The smile started at the left side of Gawain's mouth and yanked up the other corner, fast as a lightning-strike. But he was careful to sit down at a sedate pace. "So that's what the food's for? I thought it was odd...you eat less than even the dead."

"The dead don't eat," snorted Tristan, who was slipping bits of bacon from the bag into the hawk's beak. He tossed Gawain a bit of the meat, and when he received a raised eyebrow in return, he shrugged. "I thought you liked bacon."

"I do." To prove the point, Gawain promptly ate his gift. "Just...didn't know you noticed. Not like I ever said anything. And speaking of, you still didn't say where you got that."

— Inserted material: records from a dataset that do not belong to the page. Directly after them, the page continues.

Definition merge (R : realFieldType) (V : finType) (K : nat)
    (st : seq (V * R)) (recv : seq (seq (V * R))) : seq (V * R) :=
  topK K (undup (st ++ flatten recv)).

Definition round_comp (R : realFieldType) (V : finType) (N : nat)
    (Vi : 'I_N -> {set V}) (K : nat) (i : 'I_N)
    (st : seq (V * R)) (recv : seq (seq (V * R))) : comp V R (seq (V * R)) :=
  cbind (if st is [::] then cbind (eval_all R (enum (Vi i))) (fun l => Ret (best_of l))
         else Ret st)
        (fun st1 => Ret (merge K st1 recv)).

(* synchronous execution: sim t i = (S_1^i after round t, i.e. the set sent
   at step (4) of round t ; number of evaluations of f by robot i in rounds 1..t). *)
Fixpoint sim (R : realFieldType) (V : finType) (N : nat) (adj : rel 'I_N)
    (Vi : 'I_N -> {set V}) (f : {set V} -> R) (K : nat) (t : nat)
    : 'I_N -> seq (V * R) * nat :=
  match t with
  | 0 => fun _ => ([::], 0%N)
  | t'.+1 => fun i =>
      let prev := sim adj Vi f K t' in
      let recv := [seq (prev j).1 | j <- enum 'I_N & adj i j] in
      let r := run f (round_comp Vi K i (prev i).1 recv) in
      (r.1, ((prev i).2 + r.2)%N)
  end.

(* the set held by robot i after t exchange rounds: the output of its local
   computation (steps (1)-(3)) that incorporates the sets received from its
   neighbours in the t-th exchange, i.e. S_1^i computed in round t+1
   (for t = 0: the initial {s_i}, no communication). *)
Definition final_set (R : realFieldType) (V : finType) (N : nat) (adj : rel 'I_N)
    (Vi : 'I_N -> {set V}) (f : {set V} -> R) (K : nat) (i : 'I_N) (t : nat) : {set V} :=
  [set x | x \in map fst (sim adj Vi f K t.+1 i).1].
(* For every symmetric instance with $n$ actions and $k$ signals ($2\le k\le n$) there exist a slope $s\in[-\infty,0]$ and an optimal scheme with $k$ signals that is direct, persuasive, recommends only actions in $[k]$, and whose recommendation points form an $s$-Pareto point collection $\mathcal P$ satisfying $u_{\mathcal S}(\mathcal P)\ge u_{\mathcal S}(\mathcal P')$ for every $s'\in[-\infty,0]$ and every $s'$-Pareto point collection $\mathcal P'$.
   Context: Model: a receiver chooses one of the actions $[n]$; each action $i$ has a type $\theta_i$; the state $\boldsymbol\theta=(\theta_1,\dots,\theta_n)$ is drawn from a commonly known distribution $q$ over a finite set of type vectors. Each type $t$ has receiver value $\rho(t)$ and sender value $\xi(t)$, received if the receiver takes an action of that type. A signaling scheme with $k$ signals maps each state to a distribution over $k$ signals; the sender commits to it, observes the state and sends a signal; the receiver picks an action maximizing her conditional expected utility given the signal, breaking ties in favor of the sender. $u_{\mathcal S},u_{\mathcal R}$ denote expected utilities; optimal means maximizing $u_{\mathcal S}$ among schemes with $k$ signals. Direct: each signal recommends an action; persuasive: for each signal sent with positive probability recommending $i$, $\mathbb E[\rho(\theta_i)\mid\sigma]\ge\mathbb E[\rho(\theta_j)\mid\sigma]$ for all $j$. $\rho_E=\max_{i\in[n]}\sum_{\boldsymbol\theta}q_{\boldsymbol\theta}\rho(\theta_i)$. Symmetric instance: $q_{\boldsymbol\theta}=q_{\boldsymbol\theta'}$ whenever $\boldsymbol\theta'$ is a permutation of $\boldsymbol\theta$; all actions share the type set $\Theta$, and (w.l.o.g.) the types in any state are pairwise distinct. Identify each type $c$ with the point $(\rho(c),\xi(c))\in\mathbb R^2$. For a $k$-element set $C$ of types let $q_C=\Pr[\{\theta_1,\dots,\theta_k\}=C]$. For $s\in(-\infty,0]$, a point $p$ of the convex hull $\mathrm{conv}(C)$ corresponds to slope $s$ if it maximizes $y-sx$ over $(x,y)\in\mathrm{conv}(C)$; it corresponds to slope $-\infty$ if it maximizes $x$ (first coordinate) over $\mathrm{conv}(C)$. The Pareto frontier of $C$ is the set of points of $\mathrm{conv}(C)$ corresponding to some slope in $[-\infty,0]$. A point collection $\mathcal P$ assigns to each $C$ with $q_C>0$ a point $p(C)=(p_{\mathcal R}(C),p_{\mathcal S}(C))\in\mathrm{conv}(C)$; $u_{\mathcal S}(\mathcal P)=\sum_C q_Cp_{\mathcal S}(C)$ and $u_{\mathcal R}(\mathcal P)=\sum_Cq_Cp_{\mathcal R}(C)$. For $s\in[-\infty,0]$, $\mathcal P$ is $s$-Pareto if (1) for every $C$, $p(C)$ corresponds to slope $s$ (in particular lies on the Pareto frontier of $C$), and (2) $u_{\mathcal R}(\mathcal P)\ge\rho_E$. For a direct scheme recommending only actions in $[k]$, its recommendation point for $C$ is $(\mathbb E[\rho(\theta_\sigma)\mid \{\theta_1,\dots,\theta_k\}=C],\ \mathbb E[\xi(\theta_\sigma)\mid\{\theta_1,\dots,\theta_k\}=C])$, where $\sigma$ is the recommended action; these points form a point collection. *)

From HB Require Import structures.
From mathcomp Require Import all_boot all_order all_algebra all_fingroup.
From mathcomp Require Import reals.
Set Implicit Arguments. Unset Strict Implicit. Unset Printing Implicit Defensive.
Import Order.TTheory GRing.Theory Num.Theory.
Local Open Scope ring_scope.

In answer, Tristan merely glanced at the forest. Looking at the dense, dark green that still managed to rear above the edge of Hadrian's wall, Gawain couldn't contain his shiver. "Damn it, Tristan...I don't understand how you can spend so much time in there. Without any...any...without any space. Air. It's amazing that an arrow can even get five feet there."

"We're retreating, but we're not out yet. It's good to know the land. You never know when it might rise up and swallow you." Tristan shrugged, calmly feeding his pet. "Besides, you can breathe there. You just have to do it differently. Let it swallow you for a while."

For a moment, Gawain just stared. "Sometimes I wonder if you're even Sarmatian."

"I can shoot from a horse better than you." And Tristan was back to how he always was: a little strayed into strangeness, a little distant, but still a knight like Gawain. "If you want to catch Galahad after drills, you should probably go now."

"Hmm?" Gawain did a quick check of the sun's angle, then cursed himself for old habits and instead looked at the length of the building's shadow. "Shit. I'm going to be late."

Gorged so full it looked like a feathered ball, the hawk abruptly slumped away from Tristan. "No, you won't. Just go right, then turn right again when you get to the storerooms. There's a little alley there by the water-barrels-short-cut."

"Really? Thanks!" Gawain leaped up and started off, but for the second time, Tristan stopped him.

"Gawain...thanks. For..." Tristan's hair was hiding his nose again.

With a quick flick of his fingers, Gawain fixed that. "You're very welcome," he called back as he raced away, Tristan's puzzled eyes following him.